On the other hand, quaternions are useful to perform a rotation of vectors in a 3D space ^[13]. Today, they are widely used in computer graphics, multirotor tracking and control approaches, and kinematics and dynamics of rigid bodies ^[14]. Therefore, the free representation of the quaternions in the Euclidian space has also been used in navigation, computer-aided design and computer vision ^[15].

Recently, interest in robotic developments has been increased.
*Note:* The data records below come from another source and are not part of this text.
Lemma mclosure_sub_flat (A F : {set E}) :
  is_flat M F -> A \subset F -> mclosure A \subset F.
Proof.
move=> flatF sAF; apply/subsetP=> e; rewrite inE => /eqP rk_e.
apply/negPn/negP=> eF.
have := mrk_submod M F (e |: A).
have -> : F :|: (e |: A) = e |: F by rewrite setUCA (setUidPl sAF).
have : (rk A <= rk (F :&: (e |: A)))%N.
  by rewrite mrk_mono // subsetI sAF subsetUr.
have := flat_rk_setU1 flatF eF; lia.
Qed.

Lemma flat_eq_mclosure (A F : {set E}) :
  is_flat M F -> A \subset F -> (rk F <= rk A)%N -> F = mclosure A.
Proof.
move=> flatF sAF rkFA; apply/eqP; rewrite eqEsubset mclosure_sub_flat // andbT.
apply/subsetP=> e eF; rewrite inE eqn_leq [(rk A <= _)%N]mrk_mono ?subsetUr // andbT.
by apply: leq_trans rkFA; rewrite mrk_mono // subUset sub1set eF.
Qed.

Definition indep (A : {set E}) := rk A == #|A|.

Lemma rk_indep_subset (A B : {set E}) : indep B -> A \subset B -> rk A = #|A|.
Proof.
move=> /eqP indepB sAB.
have := mrk_submod M A (B :\: A).
have -> : A :|: (B :\: A) = B by rewrite -{2}(setID B A) (setIidPr sAB).
have -> : A :&: (B :\: A) = set0 by rewrite setDE setICA setICr setI0.
rewrite mrk0 indepB.
have := mrk_card M (B :\: A); have := mrk_card M A.
rewrite cardsD (setIidPr sAB); have := subset_leq_card sAB.
lia.
Qed.

Lemma exists_basis : exists2 B, indep B & rk B = rk setT.
Proof.
have indep0 : indep set0 by rewrite /indep mrk0 cards0.
have [B indepB maxB] := arg_maxnP (fun B : {set E} => #|B|) indep0.
exists B => //; rewrite -(setUT B); symmetry; apply: rk_setU_spanned => e _.
have [eB|eNB] := boolP (e \in B); first by rewrite (setUidPr _) // sub1set.
apply/eqP; rewrite eqn_leq [(rk B <= _)%N]mrk_mono ?subsetUr // andbT.
rewrite leqNgt; apply/negP => rk_eB.
have indep_eB : indep (e |: B).
  by rewrite /indep cardsU1 eNB add1n -(eqP indepB) eqn_leq rk_setU1 rk_eB.
by have := maxB _ indep_eB; rewrite cardsU1 eNB add1n; lia.
Qed.

Lemma mclosure_indep_inj (B A1 A2 : {set E}) :
  indep B -> A1 \subset B -> A2 \subset B -> #|A1| = #|A2| ->
  mclosure A1 = mclosure A2 -> A1 = A2.
Proof.
move=> indepB sA1B sA2B cardA cl12.
have sA12 : A1 :|: A2 \subset mclosure A1.
  by rewrite subUset subset_mclosure cl12 subset_mclosure.
have := mrk_mono M sA12.
rewrite rk_mclosure !(rk_indep_subset indepB) ?subUset ?sA1B // => card12.
have /eqP E1 : A1 == A1 :|: A2 by rewrite eqEcard subsetUl card12.
have /eqP E2 : A2 == A1 :|: A2 by rewrite eqEcard subsetUr -cardA card12.
by rewrite E1 -E2.
Qed.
The most well-known methods for robot kinematics are the Denavit-Hartenberg convention ^[16] and geometric methods ^[17]. Therefore, most of the work done to model robot kinematics using quaternions continues to follow the D-H approach, wasting quaternions capacity ^[15]. Some robotic applications have been focused on gait approaches to establish the imitation of human gait. For example, a robotic platform for the kinetics and kinematics characterization during gait has been used ^[18]. Therefore, mathematical models that associate forward kinematics of position are required ^[19]. For this reason, in this work we present a theoretical approach for modeling forward kinematics of position of the lower limbs for human gait using quaternions algebra not based on the D-H convention.

Problem statement

Generally, the normal gait pattern is established in the joint space ^[23] and independently from each anatomical movement of each joint structure. Which limits the global perception of the performance of the joint system and the use of well-known metrics such as speed, cadence and stride length, which are established in the operational space (gait space) and are related to anthropometry of the individual. Therefore, the calculation of direct kinematics is necessary to determine the gait pattern in cartesian space as a function of joint variables.
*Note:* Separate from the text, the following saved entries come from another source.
(* For every $\eta > 0$, every directed graph $\Gamma$ on $n$ vertices with minimum indegree $\delta^-(\Gamma) \geq \eta n$ admits a perfect $(\eta, 1 - \eta)$-weighted fractional matching. Furthermore, if $\eta = p/q$ for positive integers $p$ and $q$, then the weights of such a matching can be taken to be rational numbers with a common denominator bounded above by some function of $p$, $q$ and $n$.
   Context: Let $\Gamma$ be a directed graph on $n$ vertices and $\eta, \xi > 0$. An $(\eta,\xi)$-weighted fractional matching in $\Gamma$ is an assignment of a weight $w_{\vec{uv}} \ge 0$ to each directed edge $\vec{uv}$ of $\Gamma$ such that for every vertex $u$, $\sum_{v \in N^+_\Gamma(u)} \eta w_{\vec{uv}} + \sum_{v \in N^-_\Gamma(u)} \xi w_{\vec{vu}} \le 1$. Its total weight is $W := \sum_{\vec{uv} \in E(\Gamma)} (\eta+\xi) w_{\vec{uv}}$ (so $W \le n$), and it is perfect if $W = n$ (equivalently, equality holds at every vertex). *)

From mathcomp Require Import all_boot all_order all_algebra.
From mathcomp Require Import reals.
Set Implicit Arguments. Unset Strict Implicit. Unset Printing Implicit Defensive.
Import Order.TTheory GRing.Theory Num.Theory.
Local Open Scope ring_scope.

(* A directed graph on the finite vertex type V is an edge relation
   e : rel V (e u v means the directed edge u -> v); it is a simple
   digraph: no loops (irreflexive), at most one edge u -> v for each
   ordered pair (antiparallel pairs allowed). *)

Definition indeg (V : finType) (e : rel V) (u : V) : nat := #|[set v | e v u]|.

(* (eta, xi)-weighted fractional matching: w u v is the weight of edge u->v
   (values of w on non-edges are irrelevant). *)
Definition weighted_fractional_matching (R : realFieldType) (V : finType)
    (e : rel V) (eta xi : R) (w : V -> V -> R) : Prop :=
  (forall u v, e u v -> 0 <= w u v) /\
  (forall u : V,
     \sum_(v | e u v) eta * w u v + \sum_(v | e v u) xi * w v u <= 1).

Definition total_weight (R : realFieldType) (V : finType)
    (e : rel V) (eta xi : R) (w : V -> V -> R) : R :=
  \sum_(u : V) \sum_(v | e u v) (eta + xi) * w u v.

Definition perfect_weighted_fractional_matching (R : realFieldType)
    (V : finType) (e : rel V) (eta xi : R) (w : V -> V -> R) : Prop :=
  weighted_fractional_matching e eta xi w /\
  total_weight e eta xi w = (#|V|)%:R.

From mathcomp Require Import all_boot all_order all_algebra.
From mathcomp Require Import reals.
From mathcomp Require Import ring lra.
Set Implicit Arguments. Unset Strict Implicit. Unset Printing Implicit Defensive.
Import Order.TTheory GRing.Theory Num.Theory.
Local Open Scope ring_scope.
Although the well-known Denavit-Hartenberg DH ^[16] convention and geometric ^[17] methods can solve well the forward kinematics of position in the sagittal plane of the 3 DoF joint system of the lower limbs (Figure 2), if the number of degrees of freedom of analysis in the transversal and frontal planes is increased as in the 8 DoF system (Figure 3), these methods require a more complex mathematical modeling and are less flexible in the description of the evolutions of the system of the extremities with respect to the orthonormal frame of reference. Therefore, a method of lower mathematical complexity, with a low computational cost and that requires little storage capacity ^[15] is required for the analysis of the gait in cartesian space as the one proposed in this contribution.

Figure 1 Methodology for the modeling and visualization of the forward kinematics of position of the lower limbs during gait using methods: i) geometric, ii) Denavit-Hartenberg and iii) quaternions for joint and anthropometry variables established in ^[20] and ^[24], respectively. 
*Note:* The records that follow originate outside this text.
(* Let $\alpha,\beta,\beta'$ be blueprints, $\chi$ a formula, and $a_1,\dots,a_p,b_1,\dots,b_p$ addresses with $\{a_1,\dots,a_p\}=\{b_1,\dots,b_p\}$. If $\alpha\rhd^{a_1}_\chi\alpha_1\rhd^{a_2}_\chi\cdots\rhd^{a_p}_\chi\beta$ and $\alpha\rhd^{b_1}_\chi\alpha'_1\rhd^{b_2}_\chi\cdots\rhd^{b_p}_\chi\beta'$ for some intermediate blueprints, then $\beta=\beta'$.
   Context: Addresses are finite sequences of positive integers, ordered by the prefix order $\le$ ($a<b$: strict prefix), with concatenation $\cdot$ and empty address $\varepsilon$. A partial tree is a function whose domain is a set of addresses; for a partial tree $\pi$ and address $a$, $\pi|_a$ is the partial tree $c\mapsto\pi(a\cdot c)$ on $\{c: a\cdot c\in\mathrm{dom}(\pi)\}$. Let $\mathfrak S$ be the signature consisting of all formulas (arity 0) and, for each formula $\phi$, a binary symbol $@_\phi$. A blueprint is a finite partial tree $\alpha$ with values in $\mathfrak S$ such that whenever $\alpha(a)=@_\phi$, both $\alpha|_{a\cdot(1)}$ and $\alpha|_{a\cdot(2)}$ have non-empty domain. Notation: $\emptyset_{\mathbb B}$ is the empty blueprint; a formula $\phi$ also denotes the blueprint $\varepsilon\mapsto\phi$; for non-empty $\alpha_1,\alpha_2$, $@_\phi(\alpha_1,\alpha_2)$ is the blueprint $\alpha$ with $\alpha(\varepsilon)=@_\phi$, $\alpha|_{(1)}=\alpha_1$, $\alpha|_{(2)}=\alpha_2$; for a sequence $\bar a=(a_1,\dots,a_k)$ of pairwise incomparable addresses, $*_{\bar a}(\alpha_1,\dots,\alpha_k)$ is the blueprint of minimal domain whose restriction at each $a_i$ is $\alpha_i$; $*(\alpha_1,\dots,\alpha_k)=*_{((1),\dots,(k))}(\alpha_1,\dots,\alpha_k)$. Extraction $\alpha\rhd^a_\phi\beta$ is defined inductively: (1) $\phi\rhd^\varepsilon_\phi\emptyset_{\mathbb B}$; (2) if $\alpha\rhd^a_\phi\beta$ and $\gamma,\alpha$ are non-empty, then $@_\psi(\gamma,\alpha)\rhd^{(2)\cdot a}_\phi *(\gamma,\beta)$; (3) if $\alpha\rhd^a_\phi\beta$, $b\ne\varepsilon$ and $(b,c_1,\dots,c_k)$ are pairwise incomparable, then $*_{(b,c_1,\dots,c_k)}(\alpha,\gamma_1,\dots,\gamma_k)\rhd^{b\cdot a}_\phi *_{(b,c_1,\dots,c_k)}(\beta,\gamma_1,\dots,\gamma_k)$. *)

From mathcomp Require Import all_boot.
From Stdlib Require List.
Set Implicit Arguments. Unset Strict Implicit. Unset Printing Implicit Defensive.

Section Blueprints.
Variable F : Type. (* the type of formulas *)

(* the signature: formulas (arity 0) and binary symbols @_phi *)
Inductive sym : Type := Form of F | App of F.

Definition address := seq nat.
Definition valid_address (a : address) : bool := all (fun n => 0 < n) a.

Definition ptree := address -> option sym.

Definition in_dom (pi : ptree) (a : address) : Prop := pi a <> None.
Definition nonempty (pi : ptree) : Prop := exists a, in_dom pi a.

Definition restr (pi : ptree) (a : address) : ptree := fun c => pi (a ++ c).

Definition is_blueprint (alpha : ptree) : Prop :=
  [/\ (exists s : seq address, forall a, in_dom alpha a -> a \in s),
      (forall a, in_dom alpha a -> valid_address a) &
      (forall a phi, alpha a = Some (App phi) ->
          nonempty (restr alpha (rcons a 1)) /\ nonempty (restr alpha (rcons a 2)))].

Definition bp_empty : ptree := fun _ => None.

Definition bp_form (phi : F) : ptree :=
  fun a => if a is [::] then Some (Form phi) else None.

Definition bp_app (psi : F) (a1 a2 : ptree) : ptree :=
  fun a => match a with
           | [::] => Some (App psi)
           | 1 :: c => a1 c
           | 2 :: c => a2 c
           | _ => None
           end.

(* *_{(a_1,...,a_k)}(alpha_1,...,alpha_k), given as the list of pairs
   (a_i, alpha_i): the partial tree of minimal domain whose restriction at each
   a_i is alpha_i (for pairwise incomparable a_i) *)
Fixpoint bp_star (l : seq (address * ptree)) : ptree :=
  fun x => match l with
           | [::] => None
           | (b, al) :: l' =>
               if prefix b x then al (drop (size b) x) else bp_star l' x
           end.

Definition incomparable (a b : address) : bool := ~~ prefix a b && ~~ prefix b a.

Inductive extr : ptree -> address -> F -> ptree -> Prop :=
| extr_form phi : extr (bp_form phi) [::] phi bp_empty
| extr_app alpha a phi beta gamma psi :
    extr alpha a phi beta -> is_blueprint gamma ->
    nonempty gamma -> nonempty alpha ->
    extr (bp_app psi gamma alpha) (2 :: a) phi (bp_star [:: ([:: 1], gamma); ([:: 2], beta)])
| extr_star alpha a phi beta b (cs : seq (address * ptree)) :
    extr alpha a phi beta -> b != [::] ->
    valid_address b -> all valid_address (map fst cs) ->
    (forall p, List.In p cs -> is_blueprint p.2) ->
    pairwise incomparable (b :: map fst cs) ->
    extr (bp_star ((b, alpha) :: cs)) (b ++ a) phi (bp_star ((b, beta) :: cs)).

Inductive extr_chain : ptree -> seq address -> F -> ptree -> Prop :=
| chain_nil alpha chi : extr_chain alpha [::] chi alpha
| chain_cons alpha a chi alpha1 l beta :
    extr alpha a chi alpha1 -> extr_chain alpha1 l chi beta ->
    extr_chain alpha (a :: l) chi beta.

End Blueprints.

From mathcomp Require Import all_boot.
From Stdlib Require Import FunctionalExtensionality.

Set Implicit Arguments.
Unset Strict Implicit.
Unset Printing Implicit Defensive.

(* An extraction at address a deletes exactly the nodes on the path from the
   root to a (the prefixes of a) and keeps every other node of the tree. Hence
   a chain of extractions deletes the prefixes of its addresses and nothing
   else, so its result depends only on the set of addresses used. *)

Lemma prefix_cat_prefix (x b a : address) :
  prefix x (b ++ a) -> ~~ prefix b x -> prefix x b.
Proof.
elim: x b => [|y x IHx] [|z b] //=.
by case/andP=> /eqP <- x_ba; rewrite eqxx; exact: IHx.
Qed.

Lemma bp_star_prefix_None (F : Type) (cs : seq (address * ptree F)) b x :
  all (incomparable b) (map fst cs) -> prefix x b -> bp_star cs x = None.
Proof.
elim: cs => [|[c gamma] cs IHcs] //= /andP[b_c b_cs] x_b.
case: ifP => [c_x | _]; last exact: IHcs.
by move: b_c; rewrite /incomparable (prefix_trans c_x x_b) andbF.
Qed.

Lemma extrE (F : Type) alpha a (phi : F) beta :
  extr alpha a phi beta ->
  forall x, beta x = if prefix x a then None else alpha x.
Proof.
elim=> {alpha a phi beta}.
- by move=> phi [|y x].
- move=> alpha a phi beta gamma psi _ IHbeta _ _ _ [|[|[|[|n]]] x] //=.
  + by rewrite prefix0s drop0.
  + by rewrite prefix0s drop0 IHbeta.
- move=> alpha a phi beta b cs _ IHbeta _ _ _ _ /andP[b_cs _] x /=.
  case: ifP => [b_x | b_x].
  + have [y ->] := prefixP b_x.
    by rewrite drop_size_cat // IHbeta prefix_catr // eqxx.
  + case: ifP => // x_ba.
    apply: bp_star_prefix_None b_cs _.
    by apply: prefix_cat_prefix x_ba _; rewrite b_x.
Qed.

Lemma extr_chainE (F : Type) alpha l (chi : F) beta :
  extr_chain alpha l chi beta ->
  forall x, beta x = if has (prefix x) l then None else alpha x.
Proof.
elim=> {alpha l chi beta} //= alpha a chi alpha1 l beta alpha_a _ IHl x.
by rewrite IHl (extrE alpha_a); case: prefix; case: has.
Qed.

Theorem lemma2p14 (F : Type) (alpha beta beta' : ptree F) (chi : F)
    (la lb : seq address) :
  is_blueprint alpha -> is_blueprint beta -> is_blueprint beta' ->
  size la = size lb -> la =i lb ->
  extr_chain alpha la chi beta -> extr_chain alpha lb chi beta' ->
  beta = beta'.
Proof.
move=> _ _ _ _ la_lb chain_a chain_b; apply: functional_extensionality => x.
by rewrite (extr_chainE chain_a) (extr_chainE chain_b) (eq_has_r la_lb).
Qed.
Figure 2 a) Open kinematic chain that represents the frames that define joint movements in the sagittal plane. Correspondence of the frames to the musculoskeletal reference points in the female model ^[27]. 

Figure 3 Proposed kinematic chain representing the frames that define the movements of the joined system for gait modeling. a) Lower right limb, b) Correspondence of the frames and reference points in the female musculoskeletal model ^[27] and c) Lower left limb. 

MATERIALS AND METHODS

Kinematics is the study of the motion of mechanical systems without regard to the cause of the motion. The most well-known methods for forward kinematics of position of robots are the Denavit-Hartenberg convention ^[16] and geometric ^[17] methods. In this work, the lower limb joint system is considered as a set of rigid links connected together at various joints during the swing phase of the gait cycle. Therefore, the methodologies used in robotics such as: i) geometric method ii) D-H) and iii) quaternions ^[25], can be used to calculate the forward kinematics of position of the lower limbs during gait, which is described as follows.

Forward kinematics of lower limbs

Hip - knee - ankle system (HAK)

To develop the kinematic analysis in this work, the anatomical terms describing the relationships of the different parts of the body are based on the anatomical positions of sagittal, frontal and transverse planes; and their main directions ^[23]. Firstly, we develop a synthesis of forward kinematics of position of 3 DoF system as a planar robot, whose home position in (Figure 2) of the first link is on the y_0R (-) axis of the origin of the base frame O_Σ0R, and the origins of the orthonormal frames of the robot correspond with the reference points of the joints of the human's lower right limb model (Table 1). In this case, the anatomical sagittal plane corresponds to the x-y plane of the robot, while that z_0R (+), x_0R (+) and y_0R (+) axes correspond to the right, front and top directions, respectively ^[23]. The model features lower limb right joint as 3 rigid-body segment 1) femur, 2) tibia and 3) foot and the anthropometry is adopted from ^[20]. The relative motion of these segments is defined successively by quaternions algebra.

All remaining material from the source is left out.